Your objective: Retype, without any change, the first line of the records and every line after it through the one containing "move=> pcharFp nsPG".

Data records:

(* Here S = Ind_P^G(k) = rfix P, and for h outside K = P C_G(P) projecting onto
   the elements in and out of K splits it into two nonzero K-submodules. *)
Lemma scott_pgroup_normal_cent p P (S : 'M[F]_n) :
  p \in [pchar F]%R -> P <| G -> p.-group G ->
  is_scott_module G P S -> brauer_indecomposable G p S -> G \subset P <*> 'C_G(P).
Proof.
move=> pcharFp nsPG pG [_ [V modV /andP[defSV dxSV]] fixS] indS.
have /andP[sPG nPG] := nsPG; have pP := pgroupS sPG pG.
pose K := P <*> 'C_G(P); have sPK : P \subset K := joing_subl _ _.
have sKG : K \subset G by rewrite join_subG sPG subsetIl.
have eqS : (S :=: rfix_mx rG P)%MS.
  have gsumS := gsum_sub_fixed_pts fixS.
  apply: eqmx_trans (scott_pgroup_ind_triv pcharFp modV defSV dxSV gsumS pG) _.
  by apply/eqmxP; rewrite ind_triv_sub_rfix ?rfix_sub_ind_triv.
have indP : quot_indec_or_zero K (rfix_mx rG P) 0.
  apply: (quot_indec_or_zero_eqmx eqS (eqmx_refl _)).
  have fixSP : (S <= rfix_mx rG P)%MS by rewrite eqS.
  by apply/(brauer_quot_rfix pcharFp K sPG pP fixSP); apply: indS.
have stK : {in K, forall k, K :* k = K} by move=> k; apply: rcoset_id.
have stW : K \subset rstabs rG (rfix_mx rG P).
  exact: subset_trans sKG (normal_rfix_mx_module _ nsPG).
have sWK : (rfix_mx rG P *m supp_proj K <= rfix_mx rG P)%MS.
  by apply: rfix_supp_proj => // q Pq; apply: stK (subsetP sPK q Pq).
have proj_neq0 x (Z : {set gT}) : x \in G -> P :* x \subset Z ->
    (rfix_mx rG P *m supp_proj Z == 0) = false.
  move=> Gx sPxZ; have sPxG : P :* x \subset G by rewrite mul_subG ?sub1set.
  apply/negbTE/(contraNneq _ (coset_vec_neq0 sPxG _)); last first.
    by apply/set0Pn; exists x; apply: rcoset_refl.
  move=> W0; rewrite -(coset_vec_supp_proj sPxG sPxZ) -submx0 -W0 submxMr //.
  apply: submx_trans (ind_triv_sub_rfix sPG nPG).
  by rewrite coset_vec_sub_ind_triv ?mem_rcosets ?mulSGid.
apply/subsetP=> h Gh; apply/idPn=> notKh.
have := quot_indec_supp_proj stK stW sWK indP.
rewrite (proj_neq0 1%g) ?(proj_neq0 h) ?rcoset1 //.
apply/subsetP=> _ /rcosetP[q Pq ->]; rewrite inE; apply: contra notKh => Kqh.
by rewrite -(groupMl _ (subsetP sPK q Pq)).
Qed.

Lemma brauer_quot_indec_in_kernel p N Q (S : 'M[F]_n) :
  p \in [pchar F]%R -> Q \subset N -> N \subset G -> (S <= rfix_mx rG N)%MS ->
  p.-group Q -> mx_indecomposable G S -> G \subset N * 'C_G(Q) * N ->
  quot_indec_or_zero (Q <*> 'C_G(Q)) (fixed_pts S Q) (brauer_den S Q).
Proof.
move=> pcharFp sQN sNG fixS pQ [_ [_ indS]] sG_NCN; have sQG := subset_trans sQN sNG.
apply/(brauer_quot_rfix pcharFp _ sQG pQ (submx_trans fixS (rfix_mxS _ sQN))).
have stabG X : (X <= S)%MS -> Q <*> 'C_G(Q) \subset rstabs rG X -> G \subset rstabs rG X.
  move=> sXS stX; apply: subset_trans sG_NCN _.
  have sNX : N \subset rstabs rG X.
    apply/subsetP=> x Nx; rewrite inE (subsetP sNG) //=.
    by rewrite (rfix_mxP _ (submx_trans sXS fixS)) ?submx_refl.
  by rewrite !mul_subG // (subset_trans (joing_subr _ _) stX).
by move=> A B stA stB _ sAS _ sBS; apply: indS; rewrite ?sub0mx ?stabG.
Qed.

End RegularModule.

Theorem theorem1p4 (k : closedFieldType) (p : nat) (gT : finGroupType)
    (G P : {group gT}) :
  (p \in [pchar k])%R ->
  P \subset G -> p.-group P ->
  p.-group 'N_G(P) ->
  forall S : 'M[k]_(gcard G),
    is_scott_module G P S ->
    P \subset rstab (regular_repr k G) S ->
    (exists2 S' : 'M[k]_(gcard 'N_G(P)),
        is_scott_module 'N_G(P) P S' & brauer_indecomposable 'N_G(P) p S') ->
    brauer_indecomposable G p S.
Proof.
move=> pcharFp sPG pP pNP S [indS [V modV /andP[defSV dxSV]] fixS] sPN [S' scS' biS'].
have modS := indS.1; pose N := rstab_group (regular_repr k G) S.
have nsNG : N <| G := rstab_normal modS.
have fixNS : (S <= rfix_mx (regular_repr k G) N)%MS by rewrite -rfix_mx_rstabC ?rstab_sub.
have gsumS := gsum_sub_fixed_pts fixS.
have sylP : p.-Sylow(N) P.
  rewrite /pHall sPN pP p'natE ?(pcharf_prime pcharFp) //.
  exact: scott_kernel_p'index pcharFp modV defSV dxSV gsumS _ sPN (normal_sub nsNG) fixNS.
have sNPC : 'N_G(P) \subset P <*> 'C_G(P).
  have := scott_pgroup_normal_cent pcharFp (normalSG sPG) pNP scS' biS'.
  by rewrite -setIA (setIidPr (cent_sub P)).
move=> Q sQG pQ; have [sQN | not_sQN] := boolP (Q \subset N).
  have sG_NCN := Frattini_cent_decomposition nsNG sylP sNPC sQN pQ.
  exact: brauer_quot_indec_in_kernel pcharFp sQN (normal_sub nsNG) fixNS pQ indS sG_NCN.
apply: quot_indec_or_zero_sub.
exact: scott_brauer_quot_outside_kernel modS modV defSV dxSV _ _ sPN nsNG fixNS sQG not_sQN.
Qed.
Theorem theorem2 (F : fieldType) (d t : nat) (V : vectType F)
    (br : V -> V -> V) (x : 'I_d -> V) (T : {vspace V})
    (Q : vectType F) (brQ : Q -> Q -> Q) (pi : 'Hom(V, Q)) :
  [pchar F] =i pred0 ->
  (2 <= d)%N -> (1 <= t)%N ->
  is_free_nilpotent d t br x ->
  lie_ideal br T ->
  (T <= lcs br 2)%VS ->
  ~~ (lcs br t <= T)%VS ->
  is_lie_quotient br T brQ pi ->
  [/\ End_subgroup (lie_aut br) (Aut_stab br T),
      End_normal_subgroup (Aut_stab br T) (Aut_triv br T) &
      exists psi : 'End(V) -> 'End(Q),
        quotient_group_iso (Aut_stab br T) (Aut_triv br T) (lie_aut brQ) psi].
Proof.
move=> _ _ _ free_V _ T_sub _ [lie_brQ hom_pi pi_onto ker_pi].
split; [exact: Aut_stab_subgroup | exact: Aut_triv_normal |].
by exists (induced_end pi); apply: induced_end_quotient_group_iso free_V T_sub.
Qed.
(* Let $1\leq\alpha,\beta<\omega$, let $P$ be a poset and $n\in\omega$. Then $P\models\psi_{\alpha\beta n}$ if and only if for all $p,q\in P$ with $p\not\leq q$, $\exists$ has an $n$-strategy for the $(\alpha+1,\beta+1)$-game with starting position $(\{p\},\{q\})$.
   Context: Work in the first-order signature with one binary relation $\leq$; write $\vec{x}_k=(x_1,\ldots,x_k)$. For $1\leq k<\omega$: $J_k(\vec{x}_k,y)$ holds under assignment $v$ iff $v(y)$ is the join of $\{v(x_1),\ldots,v(x_k)\}$, $M_k(\vec{x}_k,y)$ iff $v(y)$ is their meet; $C_k(\vec{x}_k,y)=\bigvee_{i=1}^k(y=x_i)$, $D_k=\neg C_k$; $C_{km}(\vec{x}_k,\vec{y}_m)$ holds iff $\{v(y_j)\}\subseteq\{v(x_i)\}$. Let $\sigma_k(\vec{x}_k,c)=\exists z(C_k(\vec{x}_k,z)\wedge z\leq c)$, $\tau_{kr}(\vec{x}_k,\vec{a}_r,c)=C_{kr}(\vec{x}_k,\vec{a}_r)\wedge M_r(\vec{a}_r,c)$, $\rho_{ks}(\vec{x}_k,\vec{b}_s)=\exists z(C_k(\vec{x}_k,z)\wedge J_s(\vec{b}_s,z))$. Define $\phi_{krs0}(\vec{x}_k,y)=D_k(\vec{x}_k,y)$ and $\phi_{krs(n+1)}(\vec{x}_k,y)=\forall\vec{a}_r\forall\vec{b}_s\forall c\Big(\big(\sigma_k(\vec{x}_k,c)\to\phi_{(k+1)rsn}(\vec{x}_k,c,y)\big)\wedge\big(\tau_{kr}(\vec{x}_k,\vec{a}_r,c)\to\phi_{(k+1)rsn}(\vec{x}_k,c,y)\big)\wedge\big(\rho_{ks}(\vec{x}_k,\vec{b}_s)\to\bigvee_{i=1}^s\phi_{(k+1)rsn}(\vec{x}_k,b_i,y)\big)\Big)$, and $\psi_{rsn}=\forall x\forall y(\neg(x\leq y)\to\phi_{1rsn}(x,y))$. The $(\alpha,\beta)$-game on $P$ with starting position $(U_0,V)$ is played between $\forall$ and $\exists$ in rounds $0,1,2,\ldots$ with a set $U$, initially $U_0$, and $V$ fixed. Each round $\forall$ moves and $\exists$ responds: (1) if $b\geq a$ for some $a\in U$, $\forall$ may play $(b)$ and $\exists$ must add $b$ to $U$; (2) if $A\subseteq U$ with $|A|<\alpha$ and $\bigwedge A$ exists, $\forall$ may play $A$ and $\exists$ must add $\bigwedge A$; (3) if $B\subseteq P$ with $|B|<\beta$ and $\bigvee B$ exists and lies in $U$, $\forall$ may play $B$ and $\exists$ must choose some $b\in B$ and add it to $U$. $\forall$ wins in round $n$ if $U\cap V\neq\emptyset$ at the beginning of round $n$; $\exists$ has an $n$-strategy if she can guarantee that $\forall$ does not win until at least round $n+1$. *)

From HB Require Import structures.
From mathcomp Require Import all_boot all_order.
Set Implicit Arguments. Unset Strict Implicit. Unset Printing Implicit Defensive.
Import Order.TTheory.
Local Open Scope order_scope.

Section Defs.
Context {d : Order.disp_t} {T : porderType d}.

Definition is_join (S : T -> Prop) (y : T) : Prop :=
  (forall s, S s -> s <= y) /\ (forall z, (forall s, S s -> s <= z) -> y <= z).
Definition is_meet (S : T -> Prop) (y : T) : Prop :=
  (forall s, S s -> y <= s) /\ (forall z, (forall s, S s -> z <= s) -> z <= y).

(* Semantics of the formulas; the assignment to x_1..x_k is the sequence xs
   (k = size xs). *)
Definition sigmaF (xs : seq T) (c : T) : Prop := exists z, z \in xs /\ z <= c.
Definition tauF (r : nat) (xs : seq T) (a : 'I_r -> T) (c : T) : Prop :=
  (forall j, a j \in xs) /\ is_meet (fun w => exists j, w = a j) c.
Definition rhoF (s : nat) (xs : seq T) (b : 'I_s -> T) : Prop :=
  exists z, z \in xs /\ is_join (fun w => exists j, w = b j) z.

Fixpoint phiF (r s n : nat) (xs : seq T) (y : T) {struct n} : Prop :=
  match n with
  | 0 => y \notin xs
  | n'.+1 =>
      forall (a : 'I_r -> T) (b : 'I_s -> T) (c : T),
        (sigmaF xs c -> phiF r s n' (rcons xs c) y) /\
        (tauF xs a c -> phiF r s n' (rcons xs c) y) /\
        (rhoF xs b -> exists i : 'I_s, phiF r s n' (rcons xs (b i)) y)
  end.

Definition psiF (r s n : nat) : Prop :=
  forall x y : T, ~ (x <= y) -> phiF r s n [:: x] y.

(* The (al, be)-game with current set U and fixed V.
   e_strat al be n U V : Exists has an n-strategy from position (U, V), i.e.
   she can guarantee that U meets V at the beginning of none of the rounds
   0..n. Finite sets A, B of size < al (resp. < be) are given by sequences. *)
Fixpoint e_strat (al be n : nat) (U V : T -> Prop) {struct n} : Prop :=
  (forall x, ~ (U x /\ V x)) /\
  match n with
  | 0 => True
  | n'.+1 =>
      (forall a b, U a -> a <= b ->
         e_strat al be n' (fun x => U x \/ x = b) V) /\
      (forall (A : seq T) m, (size A < al)%N -> (forall x, x \in A -> U x) ->
         is_meet (fun x => x \in A) m ->
         e_strat al be n' (fun x => U x \/ x = m) V) /\
      (forall (B : seq T) j, (size B < be)%N -> is_join (fun x => x \in B) j -> U j ->
         exists2 b, b \in B & e_strat al be n' (fun x => U x \/ x = b) V)
  end.

End Defs.

(* phi_{k r s n}(xs, y) transcribes "Exists has an n-strategy from position
   ({xs}, {y}) in the (r+1, s+1)-game": sigma, tau and rho are Forall's moves
   (1), (2), (3), the disjunction under rho is Exists' reply, and phi_{k r s 0}
   says that Forall has not won yet.  Both directions go by induction on n,
   turning sequences of length <= r into families on 'I_r (padding with a
   repeated entry) and families into their codomains.  Empty moves are absorbed
   by move (1): an empty meet is the top, above any point of the nonempty set U,
   and an empty join lying in U lies below y. *)

From mathcomp Require Import all_boot all_order.
Set Implicit Arguments. Unset Strict Implicit.
Import Order.POrderTheory.
Local Open Scope order_scope.

Lemma nth_ordP (X : eqType) (x0 : X) (xs : seq X) r w :
  x0 \in xs -> (size xs <= r)%N ->
  (exists j : 'I_r, w = nth x0 xs j) <-> w \in xs.
Proof.
move=> x0xs xs_r; split=> [[j ->]|wxs].
  by case: (ltnP j (size xs)) => j_xs; [apply: mem_nth | rewrite nth_default].
have w_r : (index w xs < r)%N by apply: leq_trans xs_r; rewrite index_mem.
by exists (Ordinal w_r); rewrite nth_index.
Qed.

Section Game.
Context {d : Order.disp_t} {T : porderType d}.

Lemma is_meet_ext (S S' : T -> Prop) m :
  (forall w, S w <-> S' w) -> is_meet S m -> is_meet S' m.
Proof.
move=> SS' [m_lb m_glb]; split=> [w /SS'|z z_lb]; first exact: m_lb.
by apply: m_glb => w /SS'; apply: z_lb.
Qed.

Lemma is_join_ext (S S' : T -> Prop) m :
  (forall w, S w <-> S' w) -> is_join S m -> is_join S' m.
Proof.
move=> SS' [m_ub m_lub]; split=> [w /SS'|z z_ub]; first exact: m_ub.
by apply: m_lub => w /SS'; apply: z_ub.
Qed.

Lemma e_strat_ext al be n (U U' V : T -> Prop) :
  (forall x, U x <-> U' x) -> e_strat al be n U V -> e_strat al be n U' V.
Proof.
elim: n U U' => [|n IH] U U' UU' [disj moves].
  by split=> // x [/UU' Ux Vx]; apply: (disj x).
have UU'_add b x : U x \/ x = b <-> U' x \/ x = b by have := UU' x; tauto.
split=> [x [/UU' Ux Vx]|]; first exact: (disj x).
case: moves => [up [meet join]]; split; [|split].
- by move=> a b /UU' Ua ab; apply: IH (UU'_add b) (up a b Ua ab).
- move=> A m A_al A_U' Am; have A_U x : x \in A -> U x by move/A_U'/UU'.
  exact: IH (UU'_add m) (meet A m A_al A_U Am).
- move=> B j B_be Bj /UU' Uj; have [b Bb win] := join B j B_be Bj Uj.
  by exists b => //; apply: IH (UU'_add b) win.
Qed.

Lemma e_strat_rcons al be n (xs : seq T) c V :
  e_strat al be n (fun x => x \in xs \/ x = c) V <->
  e_strat al be n (fun x => x \in rcons xs c) V.
Proof.
have mem_add x : x \in xs \/ x = c <-> x \in rcons xs c.
  rewrite mem_rcons in_cons orbC.
  by split=> [[->|->]|/orP[|/eqP]]; rewrite ?eqxx ?orbT; auto.
by split; apply: e_strat_ext => x; have := mem_add x; tauto.
Qed.

Variables r s : nat.

Lemma phiF_notin n (xs : seq T) y : phiF r s n xs y -> y \notin xs.
Proof.
elim: n xs => [//|n IH] xs phi; apply/negP => yxs.
have /IH := (phi (fun=> y) (fun=> y) y).1 (ex_intro _ y (conj yxs (lexx y))).
by rewrite mem_rcons mem_head.
Qed.

Lemma phiF_e_strat n (xs : seq T) y : (exists x0, x0 \in xs) ->
  phiF r s n xs y -> e_strat r.+1 s.+1 n (fun x => x \in xs) (fun x => x = y).
Proof.
elim: n xs => [|n IH] xs [x0 x0xs] phi.
  by split=> // x [+ xy]; rewrite xy (negbTE phi).
split=> [x [+ xy]|]; first by rewrite xy (negbTE (phiF_notin phi)).
have win c : phiF r s n (rcons xs c) y ->
    e_strat r.+1 s.+1 n (fun x => x \in xs \/ x = c) (fun x => x = y).
  move/IH=> win; apply/e_strat_rcons/win.
  by exists c; rewrite mem_rcons mem_head.
have up a c : a \in xs -> a <= c ->
    e_strat r.+1 s.+1 n (fun x => x \in xs \/ x = c) (fun x => x = y).
  by move=> axs ac; apply/win/(phi (fun=> c) (fun=> c) c).1; exists a.
split; [exact: up | split].
- move=> [|a0 A] m; rewrite ltnS => A_r A_xs Am.
    by apply: up x0xs _; apply: Am.2 => w; rewrite in_nil.
  have a0A := mem_head a0 A.
  apply/win/(phi (fun i : 'I_r => nth a0 (a0 :: A) i) (fun=> m) m).2.1; split.
    by move=> j; apply: A_xs; apply/(nth_ordP _ a0A A_r); exists j.
  by apply: is_meet_ext Am => w; apply: iff_sym (nth_ordP w a0A A_r).
- move=> [|b0 B] j; rewrite ltnS => B_s Bj jxs.
    have jy : j <= y by apply: Bj.2 => w; rewrite in_nil.
    have /phiF_notin :=
      (phi (fun=> y) (fun=> y) y).1 (ex_intro _ j (conj jxs jy)).
    by rewrite mem_rcons mem_head.
  have b0B := mem_head b0 B.
  have [|i phi_i] := (phi (fun=> y) (fun i : 'I_s => nth b0 (b0 :: B) i) y).2.2.
    exists j; split=> //.
    by apply: is_join_ext Bj => w; apply: iff_sym (nth_ordP w b0B B_s).
  exists (nth b0 (b0 :: B) i); last exact: win.
  by apply/(nth_ordP _ b0B B_s); exists i.
Qed.

Lemma e_strat_phiF n (xs : seq T) y :
  e_strat r.+1 s.+1 n (fun x => x \in xs) (fun x => x = y) -> phiF r s n xs y.
Proof.
elim: n xs => [|n IH] xs [disj moves].
  by apply/negP => yxs; apply: (disj y).
case: moves => [up [meet join]] a b c; split; [|split].
- by case=> z [zxs zc]; apply/IH/e_strat_rcons; apply: up zxs zc.
- case=> a_xs ac; apply/IH/e_strat_rcons.
  apply: (meet (codom a)); first by rewrite size_codom card_ord.
    by move=> x /codomP [j ->].
  by apply: is_meet_ext ac => w; apply: rwP codomP.
- case=> z [zxs bz].
  have b_s : (size (codom b) < s.+1)%N by rewrite size_codom card_ord.
  have bz' : is_join (fun x => x \in codom b) z.
    by apply: is_join_ext bz => w; apply: rwP codomP.
  have [x /codomP [i ->] win] := join (codom b) z b_s bz' zxs.
  by exists i; apply/IH/e_strat_rcons.
Qed.

End Game.

Theorem proposition5p4 (d : Order.disp_t) (P : porderType d) (al be n : nat) :
  (1 <= al)%N -> (1 <= be)%N ->
  (@psiF d P al be n <->
   forall p q : P, ~ (p <= q) ->
     e_strat al.+1 be.+1 n (fun x => x = p) (fun x => x = q)).
Proof.
move=> _ _.
have mem_seq1 (p x : P) : x \in [:: p] <-> x = p.
  by rewrite inE; split=> [/eqP|->].
split=> [psi p q pq | win p q pq].
  apply: e_strat_ext (phiF_e_strat _ (psi p q pq)) => [x|].
    exact: mem_seq1.
  by exists p; rewrite mem_head.
by apply: e_strat_phiF; apply: e_strat_ext (win p q pq) => x; apply: iff_sym.
Qed.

Output below:
(* Here S = Ind_P^G(k) = rfix P, and for h outside K = P C_G(P) projecting onto
   the elements in and out of K splits it into two nonzero K-submodules. *)
Lemma scott_pgroup_normal_cent p P (S : 'M[F]_n) :
  p \in [pchar F]%R -> P <| G -> p.-group G ->
  is_scott_module G P S -> brauer_indecomposable G p S -> G \subset P <*> 'C_G(P).
Proof.
move=> pcharFp nsPG pG [_ [V modV /andP[defSV dxSV]] fixS] indS.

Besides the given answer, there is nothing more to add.